Lemma uncurry3_upd d i j k b t : t <> (i, j, k) -> uncurry3 (upd d i j k b) t = uncurry3 d t.
Proof.
  destruct t as [[a c] e]; simpl; unfold upd; intro H.
  destruct (Nat.eqb_spec i a), (Nat.eqb_spec j c), (Nat.eqb_spec k e); simpl; auto.
  subst; congruence.
Qed.

Lemma uncurry3_upd_same d i j k b : uncurry3 (upd d i j k b) (i, j, k) = b.
Proof. simpl; unfold upd; now rewrite !Nat.eqb_refl. Qed.

Lemma expect_factor_out ts p t0 g : ~ In t0 ts -> forall d F,
  expect ts p d (fun d' => g (uncurry3 d' t0) * F d') = g (uncurry3 d t0) * expect ts p d F.
Proof.
  induction ts as [|[[i j] k] ts IH]; intros Hn d F; simpl; auto.
  simpl in Hn. rewrite !IH by tauto.
  rewrite !uncurry3_upd by (intro; apply Hn; left; congruence). ring.
Qed.

Lemma expect_prodL_indep ts p (h : nat * nat * nat -> bool -> R) : NoDup ts -> forall d,
  expect ts p d (fun d' => prodL ts (fun t => h t (uncurry3 d' t))) =
  prodL ts (fun t => uncurry3 p t * h t true + (1 - uncurry3 p t) * h t false).
Proof.
  induction ts as [|[[i j] k] ts IH]; intros Hnd d; simpl; auto.
  inversion Hnd; subst.
  rewrite !(expect_factor_out ts p (i, j, k) (h (i, j, k))) by auto.
  rewrite !uncurry3_upd_same, !IH by auto. ring.
Qed.

Lemma prob_certain n p (P : outcome -> Prop) : (forall d, P d) -> prob n p P = 1.
Proof.
  intro H. unfold prob. rewrite (expect_ext _ _ _ _ (fun _ => 1)); [apply expect_const|].
  intro d. unfold indic.
  destruct excluded_middle_informative as [_|HP]; [reflexivity | exfalso; exact (HP (H d))].
Qed.

Lemma prob_ext n p (P Q : outcome -> Prop) : (forall d, P d <-> Q d) -> prob n p P = prob n p Q.
Proof.
  intro H. unfold prob. apply expect_ext. intro d. unfold indic.
  destruct (excluded_middle_informative (P d)), (excluded_middle_informative (Q d));
    firstorder.
Qed.

(** * Chernoff bounds for sampled sums *)

Lemma exp_le_quadratic x : Rabs x <= /2 -> exp x <= 1 + x + 2 * x ^ 2.
Proof.
  intro H. pose proof (Rle_abs x). pose proof (Rle_abs (- x)). rewrite Rabs_Ropp in *.
  assert (Hinv : exp x * exp (- x) = 1) by (rewrite <- exp_plus, Rplus_opp_r; apply exp_0).
  pose proof (exp_ineq1_le (- x)). pose proof (exp_pos x).
  assert (1 <= (1 + x + 2 * x ^ 2) * exp (- x)).
  { apply Rle_trans with ((1 + x + 2 * x ^ 2) * (1 - x)); [nra|].
    apply Rmult_le_compat_l; nra. }
  nra.
Qed.

Lemma bernoulli_mgf_le q s : 0 < q -> Rabs s <= q / 2 ->
  Rmin q 1 * exp (s * (/ Rmin q 1 - 1)) + (1 - Rmin q 1) * exp (- s) <= exp (2 * s ^ 2 / q).
Proof.
  intros Hq Hs. pose proof (exp_ineq1_le (2 * s ^ 2 / q)) as Hexp.
  assert (H2 : 0 <= 2 * s ^ 2 / q) by (apply Rle_mult_inv_pos; nra).
  destruct (Rle_lt_dec 1 q).
  - rewrite Rmin_right by lra. rewrite Rinv_1, Rminus_diag, Rmult_0_r, exp_0. lra.
  - rewrite Rmin_left by lra.
    pose proof (Rle_abs s). pose proof (Rle_abs (- s)). rewrite Rabs_Ropp in *.
    assert (Hw : 1 <= / q) by (rewrite <- Rinv_1; apply Rinv_le_contravar; lra).
    assert (E1 : exp (s * (/ q - 1)) <= 1 + s * (/ q - 1) + 2 * (s * (/ q - 1)) ^ 2).
    { apply exp_le_quadratic. rewrite Rabs_mult, (Rabs_right (/ q - 1)) by lra.
      apply Rle_trans with (q / 2 * (/ q - 1)); [apply Rmult_le_compat_r; lra|].
      unfold Rdiv. rewrite Rmult_minus_distr_l, Rmult_assoc, (Rmult_comm (/2)), <- Rmult_assoc,
        Rinv_r by lra. lra. }
    assert (E2 : exp (- s) <= 1 + - s + 2 * (- s) ^ 2)
      by (apply exp_le_quadratic; rewrite Rabs_Ropp; lra).
    apply Rle_trans with (q * (1 + s * (/ q - 1) + 2 * (s * (/ q - 1)) ^ 2)
                          + (1 - q) * (1 + - s + 2 * (- s) ^ 2)).
    { apply Rplus_le_compat; apply Rmult_le_compat_l; lra. }
    replace (q * (1 + s * (/ q - 1) + 2 * (s * (/ q - 1)) ^ 2) + (1 - q) * (1 + - s + 2 * (- s) ^ 2))
      with (1 + 2 * s ^ 2 / q - 2 * s ^ 2) by (field; lra).
    nra.
Qed.
Lemma deriv_strunc_support (v : ser p) j N :
    inS v -> (forall k, (k < p * j)%N -> v k = (k == 1%N)%:R) ->
  forall m, (0 < m)%N -> ((strunc v N)^`())`_m != 0 ->
  (p %| m)%N && (p * j <= m)%N.
Proof.
move=> [_ [_ Sv]] v_low m m_gt0; rewrite coef_deriv coef_strunc.
case: (leqP m.+1 N) => _ vm_neq0; last by rewrite mul0rn eqxx in vm_neq0.
have v_neq0 : v m.+1 != 0 by apply: contraNneq vm_neq0 => ->; rewrite mul0rn.
have m1_mod : (m.+1 %% p = 1)%N.
  have [_ /orP[/eqP m1_mod | /eqP //]] := Sv m.+1 m_gt0 v_neq0.
  by rewrite -mulr_natr -Fp_nat_mod // m1_mod mulr0 eqxx in vm_neq0.
have -> /= : (p %| m)%N by move: m1_mod; rewrite modnS; case: ifP => // _ [/eqP].
rewrite leqNgt; apply/negP; rewrite leq_eqVlt => /orP[/eqP m1_pj | /v_low vm1].
  by rewrite m1_pj modnMr in m1_mod.
by rewrite vm1 eqSS (gtn_eqF m_gt0) eqxx in v_neq0.
Qed.

End Truncation.

Section CommutatorTruncation.
Context {p i j : nat} {ui vpj : 'F_p} {v vinv uinv : ser p}.
Hypotheses (p_pr : prime p) (j_gt0 : (0 < j)%N) (lt_ji : (j < i)%N).
Hypotheses (Sv : inS v) (v_low : forall k, (k < p * j)%N -> v k = (k == 1%N)%:R).
Hypothesis v_pj : v (p * j)%N = vpj.
Local Notation u :=
  (fun k => if k == 1%N then 1 else if k == (p * i).+1 then ui else 0 : 'F_p).
Hypotheses (vinv0 : vinv 0%N = 0) (v_vinv : scomp v vinv = sid p).
Hypotheses (uinv0 : uinv 0%N = 0) (u_uinv : scomp u uinv = sid p).

Local Notation N := (p * (p * j + i - 1)).+1.
Local Notation V := (strunc v N).
Local Notation U := (strunc u N).
Local Notation Y := (strunc uinv N).
Local Notation Z := (strunc vinv N \Po Y).

Let p_gt1 : (1 < p)%N := prime_gt1 p_pr.
Let pi_gt0 : (0 < p * i)%N. Proof. clear -p_gt1 j_gt0 lt_ji; nia. Qed.
Let pj_gt1 : (1 < p * j)%N. Proof. clear -p_gt1 j_gt0 lt_ji; nia. Qed.
Let pi_lt_N : (p * i < N)%N. Proof. clear -p_gt1 j_gt0 lt_ji; nia. Qed.
Let pj_le_N : (p * j <= N)%N. Proof. clear -p_gt1 j_gt0 lt_ji; nia. Qed.
Let N_pred : N.-1 = (p * (p * j) + p * i.-1)%N. Proof. clear -p_gt1 j_gt0 lt_ji; nia. Qed.
Let N_le_pj_i : (N <= p * (p * j + i))%N. Proof. clear -p_gt1 j_gt0 lt_ji; nia. Qed.
Let N_le_pi_j : (N <= p * (p * i).+1 + p * j.-1)%N.
Proof.
clear -p_gt1 j_gt0 lt_ji.
have : (p * (i - j) <= p * p * (i - j))%N by rewrite leq_mul2r leq_pmull ?orbT //; lia.
nia.
Qed.

Lemma strunc_u : U = 'X + ui *: 'X^((p * i).+1).
Proof.
apply/polyP => k; rewrite coef_strunc coefD coefX coefZ coefXn.
have [-> | k_neq1] := eqVneq k 1%N.
  by rewrite eqSS eq_sym (gtn_eqF pi_gt0) mulr0 addr0.
have [-> | k_neq_pi1] := eqVneq k (p * i).+1; first by rewrite pi_lt_N mulr1 add0r.
by rewrite mulr0 addr0; case: ifP.
Qed.

Lemma comp_strunc_u r : U \Po r = r + ui *: r ^+ (p * i).+1.
Proof. by rewrite strunc_u comp_polyD comp_polyX comp_polyZ comp_Xn_poly. Qed.

Let dvdX_uinv : 'X %| Y := dvdX_strunc N uinv0.
Let dvdX_vuinv : 'X %| Z := dvdXn_comp (n := 1) dvdX_uinv (dvdX_strunc N vinv0).

Lemma comp_strunc_u_uinv : 'X^(N.+1) %| (U \Po Y) - 'X.
Proof. exact: strunc_comp_inv. Qed.

Lemma comp_strunc_v_vuinv : 'X^(N.+1) %| (V \Po Z) - Y.
Proof.
rewrite comp_polyA -[X in _ - X]comp_polyX.
exact: dvdXn_comp_subl dvdX_uinv (strunc_comp_inv (ltn0Sn _) vinv0 v_vinv).
Qed.

Lemma strunc_uinv_X : 'X^2 %| Y - 'X.
Proof.
apply: dvdp_sub_trans (dvdXn_leq comp_strunc_u_uinv _) => //.
rewrite comp_strunc_u opprD addrA subrr sub0r dvdpNr -mul_polyC dvdp_mull //.
by apply: dvdp_trans (dvdp_exp2r _ dvdX_uinv); rewrite dvdp_exp2l.
Qed.

Lemma strunc_v_pj : 'X^((p * j).+1) %| V - 'X - vpj *: 'X^(p * j).
Proof.
apply/dvdXnP => k le_k_pj; rewrite !coefB coefX coefZ coefXn coef_strunc.
rewrite (leq_trans (le_k_pj : k <= p * j)%N pj_le_N).
move: le_k_pj; rewrite ltnS leq_eqVlt => /orP[/eqP -> | lt_k_pj].
  by rewrite v_pj (gtn_eqF pj_gt1) eqxx mulr1 subr0 subrr.
by rewrite v_low // subrr (ltn_eqF lt_k_pj) mulr0 subrr.
Qed.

#### WHAT YOU ARE ASKED TO DO
Find and show each line of the listing with the word "eqVneq".

#### TASK RESULT
have [-> | k_neq1] := eqVneq k 1%N.
have [-> | k_neq_pi1] := eqVneq k (p * i).+1; first by rewrite pi_lt_N mulr1 add0r.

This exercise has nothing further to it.